Task to complete: Beneath this line are the data; copy exactly the part of them that opens with the line containing "the jet is the" and closes with the line containing "through Q, A_0(Q)", and only that part.

╭─ Material shown

(* Let $q$ be a prime power, $Q\in\mathbb{P}^2(\mathbb{F}_q)$, and $L_1,\dots,L_{q+1}$ the $\mathbb{F}_q$-lines through $Q$. Then for all sufficiently large $d$, \[ \mu_d(\mathcal{A}_0(Q))\le\frac{1}{1-q^{-2}}\prod_{i=1}^{q+1}\mu_d\big(R_{\mathrm{homog}}\setminus\mathcal{T}_{L_i,Q}\big), \] and for each $1\le j\le q+1$, \[ \mu_d(\mathcal{A}_{L_j}(Q))\le\mu_d(\mathcal{T}_{L_j,Q})\prod_{i\ne j}\mu_d\big(R_{\mathrm{homog}}\setminus\mathcal{T}_{L_i,Q}\big). \] Consequently, both inequalities also hold with $\mu_d$ replaced by $\mu$.
   Context: Let $R=\mathbb{F}_q[x,y,z]$, $R_d$ the homogeneous polynomials of degree $d$ (including $0$), $R_{\mathrm{homog}}=\bigcup_{d\ge1}R_d$, $\mu_d(\mathcal{A})=\#(\mathcal{A}\cap R_d)/\#R_d$, $\mu(\mathcal{A})=\lim_d\mu_d(\mathcal{A})$. $\mathcal{S}_Q$ is the set of $f\in R_{\mathrm{homog}}$ with $\{f=0\}$ singular at $Q$. For an $\mathbb{F}_q$-line $L\ni Q$, $\mathcal{T}_{L,Q}$ is the set of $f\in R_{\mathrm{homog}}$ whose restriction to $L$ vanishes to order at least $2$ at $Q$ (''$\{f=0\}$ tangent to $L$ at $Q$'', including the singular case). Define $\mathcal{A}_0(Q)=R_{\mathrm{homog}}\setminus\bigcup_{i=1}^{q+1}\mathcal{T}_{L_i,Q}$ and, for an $\mathbb{F}_q$-line $L\ni Q$, $\mathcal{A}_L(Q)=\mathcal{T}_{L,Q}\setminus\mathcal{S}_Q$. *)

From HB Require Import structures.
From mathcomp Require Import all_boot all_order all_algebra.
From mathcomp Require Import all_classical all_reals all_analysis.
Set Implicit Arguments. Unset Strict Implicit. Unset Printing Implicit Defensive.
Import Order.TTheory GRing.Theory Num.Theory.
Local Open Scope ring_scope.

(* Monomials x^a y^b z^c of degree d, encoded by (a,b) with a + b <= d,
   c = d - a - b. *)
Definition mon (d : nat) := {t : 'I_d.+1 * 'I_d.+1 | (t.1 + t.2 <= d)%N}.

Definition mexp (d : nat) (k : nat) (t : mon d) : nat :=
  let a := nat_of_ord (val t).1 in let b := nat_of_ord (val t).2 in
  if k == 0%N then a else if k == 1%N then b else (d - a - b)%N.

(* R_d : homogeneous polynomials of degree d (0 included) in F[x,y,z],
   represented by their coefficient vectors. *)
Definition homog (F : finFieldType) (d : nat) := {ffun mon d -> F}.

Definition coord (F : fieldType) (v : 'rV[F]_3) (k : nat) : F := v ord0 (inord k).

Definition evalh (F : finFieldType) d (f : homog F d) (S : comNzRingType)
  (c : F -> S) (X : nat -> S) : S :=
  \sum_(t : mon d) c (f t) * \prod_(k < 3) X k ^+ mexp k t.

Definition valh (F : finFieldType) d (f : homog F d) (Q : 'rV[F]_3) : F :=
  evalh f id (coord Q).

Definition pderh (F : finFieldType) d (f : homog F d) (i : nat) (Q : 'rV[F]_3) : F :=
  \sum_(t : mon d) f t * (mexp i t)%:R *
     \prod_(k < 3) coord Q k ^+ (mexp k t - (k == i :> nat))%N.

Definition singularb (F : finFieldType) d (f : homog F d) (Q : 'rV[F]_3) : bool :=
  (valh f Q == 0) && [forall i : 'I_3, pderh f i Q == 0].

(* the line {x : l . x = 0} given by a nonzero linear form l *)
Definition on_line (F : fieldType) (l P : 'rV[F]_3) : bool :=
  \sum_(k < 3) coord l k * coord P k == 0.

(* restriction of f to the line through Q and P, parametrized by
   t |-> Q + t P (affine chart of the line containing Q at t = 0) *)
Definition restr (F : finFieldType) d (f : homog F d) (Q P : 'rV[F]_3) : {poly F} :=
  evalh f (fun a => a%:P) (fun k => (coord Q k)%:P + (coord P k)%:P * 'X).

(* T_{L,Q}: the restriction of f to L vanishes to order >= 2 at Q *)
Definition tangentb (F : finFieldType) d (f : homog F d) (Q l : 'rV[F]_3) : bool :=
  [forall P : 'rV[F]_3, on_line l P ==> ~~ (P <= Q)%MS ==> dvdp ('X ^+ 2) (restr f Q P)].

Definition mud (R : realType) (F : finFieldType) d (A : pred (homog F d)) : R :=
  (#|[set f : homog F d | A f]|%:R) / (#|{: homog F d}|%:R).

Definition A0b (F : finFieldType) d (Q : 'rV[F]_3) (Ls : seq 'rV[F]_3) (f : homog F d) : bool :=
  all (fun l => ~~ tangentb f Q l) Ls.

Definition ALb (F : finFieldType) d (Q l : 'rV[F]_3) (f : homog F d) : bool :=
  tangentb f Q l && ~~ singularb f Q.

Definition lines_through (F : finFieldType) (Q : 'rV[F]_3) (Ls : seq 'rV[F]_3) : Prop :=
  (forall l, l \in Ls -> l != 0 /\ on_line l Q) /\
  (forall l', l' != 0 -> on_line l' Q -> count (fun l => (l' == l)%MS) Ls = 1%N).

(* Fix Q <> 0 and d >= 1.  The jet f |-> (f(Q), grad f(Q)) of a form of degree d
   is additive and, by Euler's identity, maps R_d onto the hyperplane
   H = {(v, g) | g.Q = d v} of F^4, so mu_d of a set defined through the jet is the
   proportion of H it occupies.  Restricted to a line l through Q, f vanishes to
   order 2 at Q iff f(Q) = 0 and grad f(Q) is in F l; f is singular at Q iff its
   jet is 0; and since every nonzero g with g.Q = 0 defines one of the q + 1 lines
   through Q, A_0(Q) is {f(Q) <> 0}.  Counting in H gives mu_d(T_L) = q^-2,
   mu_d(A_L) = q^-2 (1 - q^-1) and mu_d(A_0) = 1 - q^-1 for every d >= 1, so the
   limits are the same constants, and both inequalities reduce to Bernoulli's
   1 - q^-1 <= (1 - q^-2)^q. *)

From Pilot Require Import Defs.
From HB Require Import structures.
From mathcomp Require Import all_boot all_order all_algebra.
From mathcomp Require Import all_classical all_reals all_analysis.
From mathcomp Require Import ring lra zify.
Import Order.TTheory GRing.Theory Num.Theory.
Import numFieldNormedType.Exports.
Local Open Scope ring_scope.
Set Implicit Arguments. Unset Strict Implicit.

(* [vector] exports another [coord]. *)
Local Notation coord := Defs.coord.

(* Declares the finite Z-module structures of [homog F d] and [F * 'rV[F]_3]. *)
HB.saturate finfun_of.
HB.saturate prod.

(** * Fibers of additive maps *)

Section MorphismFibers.
Variables (V W : finZmodType) (phi : V -> W).
Hypothesis phiD : {morph phi : x y / x + y}.

Lemma morph0 : phi 0 = 0.
Proof. by apply: (addIr (phi 0)); rewrite -phiD !add0r. Qed.

Lemma card_fiber x : #|[set y | phi y == phi x]| = #|[set y | phi y == 0]|.
Proof.
rewrite -(card_preimset _ (addIr x)); apply: eq_card => y.
by rewrite !inE phiD -{2}[phi x]add0r (inj_eq (addIr _)).
Qed.

Lemma card_preim_morph (P : pred W) :
  #|[set x | P (phi x)]| =
  (#|[set w in codom phi | P w]| * #|[set x | phi x == 0%R]|)%N.
Proof.
rewrite -sum1_card (partition_big phi (fun w => (w \in codom phi) && P w)); last first.
  by move=> x; rewrite inE => Px; rewrite codom_f.
rewrite -sum_nat_cond_const; apply: eq_bigr => w /andP[/codomP[x ->] Px].
rewrite -(card_fiber x) -sum1_card; apply: eq_bigl => y; rewrite !inE.
by have [-> | _] := eqVneq (phi y) (phi x); rewrite ?Px ?andbF.
Qed.

Lemma card_morph : #|V| = (#|codom phi| * #|[set x | phi x == 0%R]|)%N.
Proof.
have := card_preim_morph predT; rewrite cardsT => ->; congr (_ * _)%N.
by apply: eq_card => w; rewrite inE andbT.
Qed.

Lemma ratio_preim_morph (R : numFieldType) (P : pred W) :
  #|[set x | P (phi x)]|%:R / #|V|%:R =
  #|[set w in codom phi | P w]|%:R / #|codom phi|%:R :> R.
Proof.
have ker_gt0 : (0 < #|[set x | phi x == 0%R]|)%N.
  by apply/card_gt0P; exists 0; rewrite inE morph0.
rewrite card_preim_morph card_morph !natrM invfM mulrACA divff ?mulr1 //.
by rewrite pnatr_eq0 -lt0n.
Qed.

Lemma card_ker_morph : (forall w, exists x, phi x = w) ->
  (#|[set x | phi x == 0%R]| * #|W|)%N = #|V|.
Proof.
move=> phi_surj; rewrite card_morph mulnC; congr (_ * _)%N.
apply: eq_card => w; have [x <-] := phi_surj w.
by rewrite codom_f.
Qed.
End MorphismFibers.

(** * Orthogonality in F^n *)

Section DotProduct.
Variables (F : fieldType) (n : nat).
Implicit Types u v g l P Q : 'rV[F]_n.

Definition dotp u v : F := (u *m v^T) 0 0.

Lemma dotpE u v : dotp u v = \sum_i u 0 i * v 0 i.
Proof. by rewrite /dotp mxE; apply: eq_bigr => i _; rewrite mxE. Qed.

╰─

Expected output:
   H = {(v, g) | g.Q = d v} of F^4, so mu_d of a set defined through the jet is the
   proportion of H it occupies.  Restricted to a line l through Q, f vanishes to
   order 2 at Q iff f(Q) = 0 and grad f(Q) is in F l; f is singular at Q iff its
   jet is 0; and since every nonzero g with g.Q = 0 defines one of the q + 1 lines
   through Q, A_0(Q) is {f(Q) <> 0}.  Counting in H gives mu_d(T_L) = q^-2,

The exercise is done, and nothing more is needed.